The rate at which these gates are turned on and off seems to have no relation to the power used.

This is where you are wrong. Basically, each gate is a capacitor with an incredibly tiny capacitance. Switching it on and off by "connecting" and "disconnecting" the voltage moves an incredibly tiny electrical charge into or out of the gate - that's what makes it act differently.

And a moving electrical charge is a current, which uses power. All those tiny currents from billions of gates being switched billions of times per second add up quite a bit.


As SK-logic's comment points out most power is really spent on switching flip-flop rather than a steady state.

For dynamically reducing there are two main things you can do IIRC.

  1. if whole areas of a chip are not being clocked you can potentially turn off the power for those areas completely

  2. The clock tree itself is one of the largest power drains in the system, largely as it is the fastest switching part of a system.

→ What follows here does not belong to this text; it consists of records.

(* For every finite point set $P$ in general position, the graph $G_\bigtriangledown(P)$ has at most three vertices of degree one.
   Context: A finite point set $P$ in the plane is in general position if no line through two points of $P$ makes an angle of $0^\circ$, $60^\circ$ or $120^\circ$ with the horizontal. A down-triangle is an equilateral triangle with one side parallel to the $x$-axis and the corner opposite to this side below that side. $G_\bigtriangledown(P)$ is the graph with vertex set $P$ in which $p,q$ are adjacent iff some (closed) down-triangle contains $p$ and $q$ and no other point of $P$. *)

From Stdlib Require Import Reals List.
Open Scope R_scope.

Definition point : Type := (R * R)%type.

(* General position: no line through two distinct points of P makes an angle
   of 0, 60 or 120 degrees with the horizontal, i.e. the direction vector
   (dx, dy) is not parallel to (1,0), (1, sqrt 3) or (-1, sqrt 3). *)
Definition general_position (P : list point) : Prop :=
  forall p q, In p P -> In q P -> p <> q ->
    let dx := fst q - fst p in
    let dy := snd q - snd p in
    dy <> 0 /\ dy <> sqrt 3 * dx /\ dy <> - (sqrt 3 * dx).

(* The closed down-triangle with horizontal top side from (a, t) to (a + s, t),
   side length s > 0, and apex (a + s/2, t - s*sqrt 3/2) below that side. *)
Definition in_down_triangle (a t s : R) (r : point) : Prop :=
  snd r <= t /\
  t - snd r <= sqrt 3 * (fst r - a) /\
  t - snd r <= sqrt 3 * (a + s - fst r).

Definition gdown_adj (P : list point) (p q : point) : Prop :=
  In p P /\ In q P /\ p <> q /\
  exists a t s, 0 < s /\
    in_down_triangle a t s p /\ in_down_triangle a t s q /\
    (forall r, In r P -> in_down_triangle a t s r -> r = p \/ r = q).

Definition gdown_deg_one (P : list point) (p : point) : Prop :=
  exists q, gdown_adj P p q /\ forall r, gdown_adj P p r -> r = q.

(* Measure every point r in the three "barycentric" coordinates
     h1 r = -2 y,   h2 r = sqrt 3 x + y,   h3 r = - sqrt 3 x + y,
   which sum to zero.  In these coordinates a down-triangle is exactly a set
   { r | c1 <= h1 r, c2 <= h2 r, c3 <= h3 r } with c1 + c2 + c3 < 0, and general
   position says that each coordinate is injective on P.  Hence two points p, q
   are adjacent as soon as the smallest such triangle containing them (the
   thresholds being the coordinatewise minima) contains no other point.

   The key lemma [neighbour_above] shows: if some point of P lies above p in
   coordinate h_i, then p has a neighbour lying above p in h_i.  So a vertex
   of degree one that maximizes none of the coordinates would have a single
   neighbour above it in all three coordinates, impossible since the
   coordinates sum to zero.  Thus every degree-one vertex is the (unique)
   maximizer of one of h1, h2, h3, and there are at most three of them. *)
From Stdlib Require Import Reals List.
From Stdlib Require Import Lra Lia Classical.
Import ListNotations.
Open Scope R_scope.

Definition injective_on (w : point -> R) (P : list point) : Prop :=
  forall r s, In r P -> In s P -> w r = w s -> r = s.

Definition is_max (w : point -> R) (P : list point) (p : point) : Prop :=
  forall r, In r P -> w r <= w p.

Lemma inj_le_lt w P r s :
  injective_on w P -> In r P -> In s P -> r <> s -> w r <= w s -> w r < w s.
Proof.
  intros I Hr Hs Hrs Hle. destruct (Rle_lt_or_eq_dec _ _ Hle) as [Hlt|E]; auto.
  exfalso; apply Hrs, I; auto.
Qed.

Lemma inj_le_eq w P r s :
  injective_on w P -> In r P -> In s P -> w r <= w s -> w s <= w r -> r = s.
Proof. intros I Hr Hs H1 H2. apply I; auto; lra. Qed.

Lemma max_unique w P x y :
  injective_on w P -> In x P -> In y P -> is_max w P x -> is_max w P y -> x = y.
Proof. intros I Hx Hy Mx My. apply (inj_le_eq w P); auto. Qed.

Lemma not_max_above w P p :
  ~ is_max w P p -> exists r, In r P /\ w p < w r.
Proof.
  intro N. apply NNPP; intro A. apply N; intros r Hr.
  destruct (Rle_dec (w r) (w p)) as [Le|Gt]; auto.
  exfalso; apply A; exists r; split; auto; lra.
Qed.

Lemma exists_max (P : list point) (S : point -> Prop) (w : point -> R) :
  (exists q, In q P /\ S q) ->
  exists n, In n P /\ S n /\ forall r, In r P -> S r -> w r <= w n.
Proof.
  induction P as [|a P IH]; intros [q [Hq Sq]]; [destruct Hq|].
  destruct (classic (exists q, In q P /\ S q)) as [Ex|NEx].
  - destruct (IH Ex) as [n [Hn [Sn Mn]]].
    destruct (classic (S a /\ w n <= w a)) as [[Sa Ha]|Na].
    + exists a; repeat split; [now left|assumption|].
      intros r [<-|Hr] Sr; [lra|]. specialize (Mn r Hr Sr); lra.
    + exists n; repeat split; [now right|assumption|].
      intros r [<-|Hr] Sr; auto.
      destruct (Rle_dec (w a) (w n)); auto. exfalso; apply Na; split; auto; lra.
  - destruct Hq as [<-|Hq]; [|exfalso; apply NEx; eauto].
    exists a; repeat split; [now left|assumption|].
    intros r [<-|Hr] Sr; [lra|]. exfalso; apply NEx; eauto.
Qed.

Definition tri_adj (f g k : point -> R) (P : list point) (p q : point) : Prop :=
  In p P /\ In q P /\ p <> q /\
  forall r, In r P -> Rmin (f p) (f q) <= f r -> Rmin (g p) (g q) <= g r ->
     Rmin (k p) (k q) <= k r -> r = p \/ r = q.

Lemma tri_adj_rot f g k P p q : tri_adj f g k P p q -> tri_adj k f g P p q.
Proof. intros [Hp [Hq [Hpq H]]]. repeat split; auto. Qed.

Section Neighbour.
Variables (f g k : point -> R) (P : list point).
Hypothesis sum0 : forall r, f r + g r + k r = 0.
Hypotheses (inj_f : injective_on f P) (inj_g : injective_on g P)
           (inj_k : injective_on k P).

(* If some point is above p in f, then p has a neighbour above it in f:
   take, among the points above p in f, one with maximal g; if it is below p
   in g it is a neighbour, otherwise a point above p in f and g with maximal k
   is one. *)
Lemma neighbour_above p :
  In p P -> (exists q, In q P /\ f p < f q) ->
  exists n, tri_adj f g k P p n /\ f p < f n.
Proof.
  intros Hp Habove.
  destruct (exists_max P (fun q => f p < f q) g Habove) as [n [Hn [Hfn Mn]]].
  assert (Hnp : n <> p) by (intro E; subst; lra).
  destruct (Rlt_or_le (g n) (g p)) as [Hgn|Hgn].
  - exists n; split; [|exact Hfn]. repeat split; auto.
    intros r Hr Hfr Hgr _.
    rewrite Rmin_left in Hfr by lra; rewrite Rmin_right in Hgr by lra.
    destruct (classic (r = p)) as [->|Hrp]; [now left|right].
    apply (inj_le_eq g P); auto.
    apply Mn; auto. apply (inj_le_lt f P); auto.
  - assert (Hpn : g p < g n) by (apply (inj_le_lt g P); auto).
    destruct (exists_max P (fun q => f p < f q /\ g p < g q) k)
      as [m [Hm [[Hfm Hgm] Mm]]]; [eauto|].
    assert (Hkm : k m < k p) by (pose proof (sum0 m); pose proof (sum0 p); lra).
    assert (Hmp : m <> p) by (intro E; subst; lra).
    exists m; split; [|exact Hfm]. repeat split; auto.
    intros r Hr Hfr Hgr Hkr.
    rewrite Rmin_left in Hfr, Hgr by lra; rewrite Rmin_right in Hkr by lra.
    destruct (classic (r = p)) as [->|Hrp]; [now left|right].
    apply (inj_le_eq k P); auto.
    apply Mm; auto; split; apply (inj_le_lt _ P); auto.
Qed.

End Neighbour.

Definition h1 (r : point) : R := -2 * snd r.
Definition h2 (r : point) : R := sqrt 3 * fst r + snd r.
Definition h3 (r : point) : R := - (sqrt 3 * fst r) + snd r.

Lemma h_sum r : h1 r + h2 r + h3 r = 0.
Proof. unfold h1, h2, h3. ring. Qed.

Lemma injective_coords P :
  general_position P ->
  injective_on h1 P /\ injective_on h2 P /\ injective_on h3 P.
Proof.
  intro G. repeat split; intros r s Hr Hs E; apply NNPP; intro Hrs;
  destruct (G r s Hr Hs Hrs) as [A [B C]]; unfold h1, h2, h3 in E;
  [apply A | apply C | apply B]; lra.
Qed.

Lemma down_triangle_coords c1 c2 c3 r :
  in_down_triangle ((c2 + c1/2)/sqrt 3) (-c1/2) (-(c1+c2+c3)/sqrt 3) r <->
  (c1 <= h1 r /\ c2 <= h2 r /\ c3 <= h3 r).
Proof.
  assert (S3 : sqrt 3 <> 0) by (apply Rgt_not_eq, sqrt_lt_R0; lra).
  assert (E1 : sqrt 3 * (fst r - (c2 + c1/2)/sqrt 3) = sqrt 3 * fst r - (c2 + c1/2))
    by (field; exact S3).
  assert (E2 : sqrt 3 * ((c2 + c1/2)/sqrt 3 + -(c1+c2+c3)/sqrt 3 - fst r)
               = -(c1/2) - c3 - sqrt 3 * fst r) by (field; exact S3).
  unfold in_down_triangle, h1, h2, h3. rewrite E1, E2.
  split; intros [A [B C]]; repeat split; lra.
Qed.

(* The coordinatewise minima of two distinct triples summing to zero have a
   negative sum, so they define a genuine (positive-size) down-triangle. *)
Lemma sum_mins_neg a1 a2 a3 b1 b2 b3 :
  a1 + a2 + a3 = 0 -> b1 + b2 + b3 = 0 -> a1 <> b1 ->
  Rmin a1 b1 + Rmin a2 b2 + Rmin a3 b3 < 0.
Proof.
  intros Ha Hb Hab. unfold Rmin.
  destruct (Rle_dec a1 b1), (Rle_dec a2 b2), (Rle_dec a3 b3);
  try (destruct (Rle_lt_or_eq_dec a1 b1 ltac:(assumption)) as [|E];
       [|exfalso; apply Hab; exact E]); lra.
Qed.

Lemma tri_adj_gdown P p q :
  general_position P -> tri_adj h1 h2 h3 P p q -> gdown_adj P p q.
Proof.
  intros G [Hp [Hq [Hpq Hempty]]].
  destruct (injective_coords P G) as [I1 _].
  set (c1 := Rmin (h1 p) (h1 q)); set (c2 := Rmin (h2 p) (h2 q));
  set (c3 := Rmin (h3 p) (h3 q)).
  assert (Hneg : c1 + c2 + c3 < 0).
  { apply sum_mins_neg; try apply h_sum. intro E. exact (Hpq (I1 p q Hp Hq E)). }
  repeat split; auto.
  exists ((c2 + c1/2)/sqrt 3), (-c1/2), (-(c1+c2+c3)/sqrt 3).
  split; [|split; [|split]].
  - unfold Rdiv; apply Rmult_lt_0_compat;
      [lra | apply Rinv_0_lt_compat, sqrt_lt_R0; lra].
  - apply down_triangle_coords; repeat split; apply Rmin_l.
  - apply down_triangle_coords; repeat split; apply Rmin_r.
  - intros r Hr Hin. apply down_triangle_coords in Hin as [A [B C]].
    apply Hempty; auto.
Qed.

Lemma deg_one_is_max P p :
  general_position P -> In p P -> gdown_deg_one P p ->
  is_max h1 P p \/ is_max h2 P p \/ is_max h3 P p.
Proof.
  intros G Hp [q [_ Huniq]].
  destruct (injective_coords P G) as [I1 [I2 I3]].
  destruct (classic (is_max h1 P p)) as [M1|A1]; [now left|].
  destruct (classic (is_max h2 P p)) as [M2|A2]; [now right; left|].
  destruct (classic (is_max h3 P p)) as [M3|A3]; [now right; right|].
  exfalso.
  destruct (neighbour_above h1 h2 h3 P h_sum I1 I2 I3 p Hp (not_max_above _ _ _ A1))
    as [n1 [T1 L1]].
  destruct (neighbour_above h2 h3 h1 P ltac:(intro r; pose proof (h_sum r); lra)
              I2 I3 I1 p Hp (not_max_above _ _ _ A2)) as [n2 [T2 L2]].
  destruct (neighbour_above h3 h1 h2 P ltac:(intro r; pose proof (h_sum r); lra)
              I3 I1 I2 p Hp (not_max_above _ _ _ A3)) as [n3 [T3 L3]].
  assert (n1 = q) by (apply Huniq, tri_adj_gdown; auto).
  assert (n2 = q) by (apply Huniq, tri_adj_gdown, tri_adj_rot; auto).
  assert (n3 = q) by (apply Huniq, tri_adj_gdown, tri_adj_rot, tri_adj_rot; auto).
  subst. pose proof (h_sum p); pose proof (h_sum q). lra.
Qed.

Theorem lemma3 (P : list point) :
  NoDup P -> general_position P ->
  forall L : list point, NoDup L ->
    (forall p, In p L -> In p P /\ gdown_deg_one P p) ->
    (length L <= 3)%nat.
Proof.
  intros _ G L NDL HL.
  destruct L as [|x0 L0]; [simpl; lia|].
  destruct (HL x0 (in_eq _ _)) as [Hx0 _].
  destruct (injective_coords P G) as [I1 [I2 I3]].
  destruct (exists_max P (fun _ => True) h1) as [m1 [Hm1 [_ M1]]]; [eauto|].
  destruct (exists_max P (fun _ => True) h2) as [m2 [Hm2 [_ M2]]]; [eauto|].
  destruct (exists_max P (fun _ => True) h3) as [m3 [Hm3 [_ M3]]]; [eauto|].
  change 3%nat with (length [m1; m2; m3]).
  apply NoDup_incl_length; [exact NDL|].
  intros x Hx. destruct (HL x Hx) as [HxP Hdeg].
  destruct (deg_one_is_max P x G HxP Hdeg) as [Mx|[Mx|Mx]].
  - left; apply (max_unique h1 P); auto; intros r Hr; auto.
  - right; left; apply (max_unique h2 P); auto; intros r Hr; auto.
  - right; right; left; apply (max_unique h3 P); auto; intros r Hr; auto.
Qed.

So reducing the power in the clock tree itself is significant.


The power consumed by an electronic circuit has two components:

  • the leakage, which is more or less independent of the frequency constant and will depend on the technology and working voltage;
  • the switching power, which depends on the frequency (it's due to loading and unloading various capacitances, transistors and wires)

In order to reduce consumption, processor designers use several techniques:

  • modifying the frequency depending on the load (this will act only on the switching power)
  • reducing the power or even powering off parts of the circuits when they aren't needed

These techniques have as a result that depending on your load, you may be better off, from the power consumption POV, either reducing the frequency or doing a "sprint" at full speed and then cutting out a subset of the circuits.